- _Records for processing_

(* Let $Z=x\frac{\partial}{\partial x}+\sum_{k=1}^n\big(\mathcal{A}y+G(x,y)\big)_k\frac{\partial}{\partial y_k}$ be a polynomial vector field on $\mathbb{C}^{n+1}$, where $\mathcal{A}\in\mathfrak{gl}(n,\mathbb{C})$ and $G$ is a polynomial map whose components lie in the ideal $(y_1,\dots,y_n)^2$. Suppose there are $\delta_0,\delta_1,\epsilon>0$ with $$(-\delta_1+\epsilon)|y|^2<\operatorname{Re}\langle\mathcal{A}y,y\rangle<(-\delta_0-\epsilon)|y|^2\quad\text{for all }y\in\mathbb{C}^n\setminus\{0\}.$$ For $x_0\in\widehat{\mathbb{D}}(2)$ and $y_0\in\mathbb{C}^n$, let $w(t)=(x_0^{1-t},y(t))$ be the solution of $w'=-\log(x_0)\,Z(w)$, $w(0)=(x_0,y_0)$, and when it is defined on $[0,1]$ set $f_{x_0}(y_0)=y(1)$. Then there exist $r,c_0,c_1>0$ such that for every $x\in\widehat{\mathbb{D}}(2)$ the map $f_x$ is defined on $\{|y|<r\}$ and $$c_1|x|^{\delta_1}|u-v|\le|f_x(u)-f_x(v)|\le c_0|x|^{\delta_0}|u-v|$$ for all $x\in\widehat{\mathbb{D}}(2)$ and $|u|,|v|<r$.
   Context: $\widehat{\mathbb{D}}(2)=\{x\in\mathbb{C}\setminus(-\infty,0]:|x|<2\}$. $\log$ is the principal determination of the logarithm and $x_0^{1-t}=\exp((1-t)\log x_0)$. $\langle\cdot,\cdot\rangle$ is the standard Hermitian inner product and $|\cdot|$ the Euclidean norm. *)

From Stdlib Require Import Reals List.
From Coquelicot Require Import Coquelicot.

Open Scope R_scope.

(* Vectors of C^n are represented as functions nat -> C; only the
   coordinates k < n are meaningful (all operations below only look at them). *)

Fixpoint csum (n : nat) (f : nat -> C) : C :=
  match n with O => 0%R | S m => Cplus (csum m f) (f m) end.

Fixpoint nsum (n : nat) (f : nat -> nat) : nat :=
  match n with O => O | S m => (nsum m f + f m)%nat end.

Fixpoint cprod (n : nat) (f : nat -> C) : C :=
  match n with O => 1%R | S m => Cmult (cprod m f) (f m) end.

Definition cinner (n : nat) (u v : nat -> C) : C :=
  csum n (fun k => Cmult (u k) (Cconj (v k))).

Definition vnorm (n : nat) (v : nat -> C) : R :=
  sqrt (Re (cinner n v v)).

Definition vsub (u v : nat -> C) : nat -> C := fun k => Cminus (u k) (v k).

Definition matvec (n : nat) (A : nat -> nat -> C) (y : nat -> C) : nat -> C :=
  fun k => csum n (fun j => Cmult (A k j) (y j)).

(* A monomial c * x^a * prod_{j<n} y_j^(b j) *)
Definition monomial : Type := (C * nat * (nat -> nat))%type.

Definition eval_monomial (n : nat) (m : monomial) (x : C) (y : nat -> C) : C :=
  let '(c, a, b) := m in
  Cmult c (Cmult (pow_n x a) (cprod n (fun j => pow_n (y j) (b j)))).

Definition polymap : Type := nat -> list monomial.

Definition eval_poly (n : nat) (G : polymap) (x : C) (y : nat -> C) : nat -> C :=
  fun k => fold_right (fun m s => Cplus (eval_monomial n m x y) s) 0%R (G k).

(* Every component of G lies in the ideal (y_1,...,y_n)^2: every monomial has
   total degree >= 2 in the y-variables. *)
Definition in_ideal_y2 (n : nat) (G : polymap) : Prop :=
  forall k m, (k < n)%nat -> In m (G k) -> (2 <= nsum n (snd m))%nat.

Definition Cexp (z : C) : C :=
  (exp (Re z) * cos (Im z), exp (Re z) * sin (Im z)).

(* principal argument, valid on C \ (-oo,0] (half-angle formula):
   Arg z = 2 atan (Im z / (|z| + Re z)) in (-pi, pi). *)
Definition Carg (z : C) : R := 2 * atan (Im z / (Cmod z + Re z)).

Definition Clog (z : C) : C := (ln (Cmod z), Carg z).

Definition cpow_real (x0 : C) (s : R) : C := Cexp (Cmult (RtoC s) (Clog x0)).

Definition slit_disc2 (x : C) : Prop :=
  Cmod x < 2 /\ ~ (Im x = 0 /\ Re x <= 0).

(* y : R -> C^n is the y-part of a solution w(t) = (x0^(1-t), y(t)) on [0,1]
   of w' = -log(x0) Z(w), Z = x d/dx + sum_k (A y + G(x,y))_k d/dy_k,
   with w(0) = (x0, y0).  (The x-component x0^(1-t) solves x' = -log(x0) x.) *)
Definition is_flow_sol (n : nat) (A : nat -> nat -> C) (G : polymap)
    (x0 : C) (y0 : nat -> C) (y : R -> nat -> C) : Prop :=
  (forall k, (k < n)%nat -> y 0 k = y0 k) /\
  forall t, 0 <= t <= 1 -> forall k, (k < n)%nat ->
    is_derive (fun s => y s k) t
      (Cmult (Copp (Clog x0))
         (Cplus (matvec n A (y t) k)
                (eval_poly n G (cpow_real x0 (1 - t)) (y t) k))).

(* With lambda = -log x we have Re lambda > -1 and |Im lambda| <= pi.
   For solutions y1, y2 and d = y1 - y2, (|d|^2)' = 2 Re <lambda (A d + G(y1)
   - G(y2)), d>.  As G is in (y)^2, on the ball of radius rho it is
   (rho * const)-Lipschitz, hence eps-small for small rho, and the hypothesis
   on A gives the energy inequality (ln|x| delta1 - s)|d|^2 <= Re <d',d> <=
   (ln|x| delta0 + s)|d|^2 with s independent of x; Gronwall gives the bounds
   with c0 = e^s, c1 = e^-s.  Existence: the field is truncated by radially
   retracting y onto the l1-ball of radius rho, and Picard iteration converges
   on all of R in the weighted norm e^(-2K|t|).  The one-sided energy bound
   keeps solutions from a small ball inside the radius-rho ball, where the
   truncation is inactive; uniqueness (Gronwall) makes this apply to every
   solution. *)

From Stdlib Require Import Reals List Lra Lia Psatz.
From Coquelicot Require Import Coquelicot.
Open Scope R_scope.

Ltac Ceq := apply injective_projections; simpl; ring.

Fixpoint rsum (n : nat) (f : nat -> R) : R :=
  match n with O => 0 | S m => rsum m f + f m end.

Lemma rsum_ext n f g : (forall k, (k < n)%nat -> f k = g k) -> rsum n f = rsum n g.
Proof.
  induction n; simpl; intros H; auto.
  rewrite IHn by (intros; apply H; lia). rewrite H by lia. auto.
Qed.

Lemma rsum_le n f g : (forall k, (k < n)%nat -> f k <= g k) -> rsum n f <= rsum n g.
Proof.
  induction n; simpl; intros H; [lra|].
  assert (H1 := H n ltac:(lia)).
  assert (rsum n f <= rsum n g) by (apply IHn; intros; apply H; lia). lra.
Qed.

Lemma rsum_nonneg n f : (forall k, (k < n)%nat -> 0 <= f k) -> 0 <= rsum n f.
Proof.
  induction n; simpl; intros H; [lra|].
  assert (H1 := H n ltac:(lia)).
  assert (0 <= rsum n f) by (apply IHn; intros; apply H; lia). lra.
Qed.

Lemma rsum_plus n f g : rsum n (fun k => f k + g k) = rsum n f + rsum n g.
Proof. induction n; simpl; [lra|]. rewrite IHn; ring. Qed.

Lemma rsum_scal n c f : rsum n (fun k => c * f k) = c * rsum n f.
Proof. induction n; simpl; [lra|]. rewrite IHn; ring. Qed.

Lemma rsum_zero m : rsum m (fun _ => 0) = 0.
Proof. induction m; simpl; auto. rewrite IHm; lra. Qed.

Lemma rsum_term n f k :
  (forall j, (j < n)%nat -> 0 <= f j) -> (k < n)%nat -> f k <= rsum n f.
Proof.
  induction n; simpl; intros Hf Hk; [lia|].
  assert (0 <= rsum n f) by (apply rsum_nonneg; intros; apply Hf; lia).
  destruct (Nat.eq_dec k n) as [->|Hkn]; [lra|].
  assert (f k <= rsum n f) by (apply IHn; [intros; apply Hf; lia| lia]).
  assert (H2 := Hf n ltac:(lia)). lra.
Qed.

Lemma rsum_const_le n f c : (forall k, (k < n)%nat -> f k <= c) -> rsum n f <= INR n * c.
Proof.
  induction n; cbn [rsum]; intros H; [simpl; lra|].
  assert (rsum n f <= INR n * c) by (apply IHn; intros; apply H; lia).
  assert (H1 := H n ltac:(lia)). rewrite S_INR. lra.
Qed.

Lemma re_csum n f : Re (csum n f) = rsum n (fun k => Re (f k)).
Proof. induction n; cbn [csum]; auto. rewrite re_plus, IHn; auto. Qed.

Lemma Cmod_csum n f : Cmod (csum n f) <= rsum n (fun k => Cmod (f k)).
Proof. induction n; simpl. rewrite Cmod_0; lra. eapply Rle_trans. apply Cmod_triangle. lra. Qed.

Lemma csum_ext n f g : (forall k, (k < n)%nat -> f k = g k) -> csum n f = csum n g.
Proof.
  induction n; simpl; intros H; auto.
  rewrite IHn by (intros; apply H; lia). rewrite H by lia. auto.
Qed.

Lemma csum_scal n c f : csum n (fun k => Cmult c (f k)) = Cmult c (csum n f).
Proof. induction n; simpl. Ceq. rewrite IHn. Ceq. Qed.

Lemma csum_plus n f g :
  csum n (fun k => Cplus (f k) (g k)) = Cplus (csum n f) (csum n g).
Proof. induction n; simpl. Ceq. rewrite IHn. Ceq. Qed.

Lemma Rabs_le_between x y : Rabs x <= y -> - y <= x <= y.
Proof. unfold Rabs; destruct Rcase_abs; lra. Qed.

(** * Norms on C^n *)

(* |v|^2 = sum_k |v_k|^2 and the l1 norm sum_k |v_k|.  The l1 norm is the
   one in which the truncated field is Lipschitz; it is equivalent to the
   Euclidean norm: |v| <= l1norm v <= n |v|. *)
Definition sqnorm n (v : nat -> C) := rsum n (fun k => Cmod (v k) ^ 2).
Definition l1norm n (v : nat -> C) := rsum n (fun k => Cmod (v k)).

Lemma sqnorm_nonneg n v : 0 <= sqnorm n v.
Proof. apply rsum_nonneg; intros. apply pow2_ge_0. Qed.

Lemma l1norm_nonneg n v : 0 <= l1norm n v.
Proof. apply rsum_nonneg; intros. apply Cmod_ge_0. Qed.

Lemma sqnorm_ext n u v : (forall k, (k < n)%nat -> u k = v k) -> sqnorm n u = sqnorm n v.
Proof. intros H; unfold sqnorm; apply rsum_ext; intros; rewrite H; auto. Qed.

Lemma l1norm_ext n u v : (forall k, (k < n)%nat -> u k = v k) -> l1norm n u = l1norm n v.
Proof. intros H; unfold l1norm; apply rsum_ext; intros; rewrite H; auto. Qed.

Lemma re_cinner_self n v : Re (cinner n v v) = sqnorm n v.
Proof.
  unfold cinner, sqnorm. rewrite re_csum. apply rsum_ext; intros.
  rewrite Cmod2_alt. destruct (v k); simpl; ring.
Qed.

Lemma vnorm_sqnorm n v : vnorm n v = sqrt (sqnorm n v).
Proof. unfold vnorm; rewrite re_cinner_self; auto. Qed.

Lemma vnorm_sq n v : vnorm n v ^ 2 = sqnorm n v.
Proof. rewrite vnorm_sqnorm, pow2_sqrt; auto. apply sqnorm_nonneg. Qed.

Lemma vnorm_nonneg n v : 0 <= vnorm n v.
Proof. rewrite vnorm_sqnorm; apply sqrt_pos. Qed.

Lemma vnorm_ext n u v : (forall k, (k < n)%nat -> u k = v k) -> vnorm n u = vnorm n v.
Proof. intros H; rewrite !vnorm_sqnorm, (sqnorm_ext n u v H); auto. Qed.

Lemma Cmod_le_vnorm n v k : (k < n)%nat -> Cmod (v k) <= vnorm n v.
Proof.
  intros Hk. rewrite vnorm_sqnorm, <- (sqrt_pow2 (Cmod (v k))) by apply Cmod_ge_0.
  apply sqrt_le_1_alt. apply (rsum_term n (fun k => Cmod (v k) ^ 2)); auto.
  intros; apply pow2_ge_0.
Qed.

Lemma Cmod_le_l1norm n v k : (k < n)%nat -> Cmod (v k) <= l1norm n v.
Proof. intros; apply (rsum_term n (fun k => Cmod (v k))); auto. intros; apply Cmod_ge_0. Qed.

Lemma vnorm_le_l1norm n v : vnorm n v <= l1norm n v.
Proof.
  rewrite vnorm_sqnorm, <- (sqrt_pow2 (l1norm n v)) by apply l1norm_nonneg.
  apply sqrt_le_1_alt. unfold sqnorm, l1norm. induction n; simpl; [lra|].
  assert (0 <= rsum n (fun k => Cmod (v k))) by (apply rsum_nonneg; intros; apply Cmod_ge_0).
  assert (0 <= Cmod (v n)) by apply Cmod_ge_0. simpl in IHn. nra.
Qed.

Lemma l1norm_le_vnorm n v : l1norm n v <= INR n * vnorm n v.
Proof. apply rsum_const_le. intros; apply Cmod_le_vnorm; auto. Qed.

Lemma sqnorm_zero n v : sqnorm n v = 0 -> forall k, (k < n)%nat -> v k = 0%C.
Proof.
  intros H k Hk. apply Cmod_eq_0.
  assert (Cmod (v k) ^ 2 <= sqnorm n v).
  { apply (rsum_term n (fun k => Cmod (v k) ^ 2)); auto. intros; apply pow2_ge_0. }
  assert (0 <= Cmod (v k)) by apply Cmod_ge_0. nra.
Qed.

Lemma l1norm_const0 m : l1norm m (fun _ => RtoC 0) = 0.
Proof. unfold l1norm; induction m; simpl; auto. rewrite IHm, Cmod_0. lra. Qed.

Lemma l1norm_scal n c z : l1norm n (fun k => Cmult (RtoC c) (z k)) = Rabs c * l1norm n z.
Proof.
  unfold l1norm. rewrite <- rsum_scal. apply rsum_ext; intros. rewrite Cmod_mult, Cmod_R. auto.
Qed.

Lemma sqnorm_scal n s w : sqnorm n (fun k => Cmult (RtoC s) (w k)) = s ^ 2 * sqnorm n w.
Proof.
  unfold sqnorm. rewrite <- rsum_scal. apply rsum_ext; intros.
  rewrite Cmod_mult, Cmod_R, Rpow_mult_distr, pow2_abs. auto.
Qed.

Lemma vnorm_scal n s w : 0 <= s -> vnorm n (fun k => Cmult (RtoC s) (w k)) = s * vnorm n w.
Proof.
  intros Hs. rewrite !vnorm_sqnorm, sqnorm_scal, sqrt_mult_alt by apply pow2_ge_0.
  rewrite sqrt_pow2; auto.
Qed.

Lemma vnorm_zero_sub n v : vnorm n (vsub v (fun _ => RtoC 0)) = vnorm n v.
Proof. apply vnorm_ext; intros. unfold vsub. Ceq. Qed.

Lemma l1norm_sub_sym n u v : l1norm n (vsub u v) = l1norm n (vsub v u).
Proof. unfold l1norm, vsub. apply rsum_ext; intros. rewrite <- Cmod_opp. f_equal. Ceq. Qed.

Lemma l1norm_tri n a b c : l1norm n (vsub a c) <= l1norm n (vsub a b) + l1norm n (vsub b c).
Proof.
  unfold l1norm, vsub. rewrite <- rsum_plus. apply rsum_le; intros.
  replace (Cminus (a k) (c k)) with (Cplus (Cminus (a k) (b k)) (Cminus (b k) (c k))) by Ceq.
  apply Cmod_triangle.
Qed.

- _About this exercise_
Nothing but a number is expected: how many lines in the data above hold the word "small".

- _Solution to this task_
2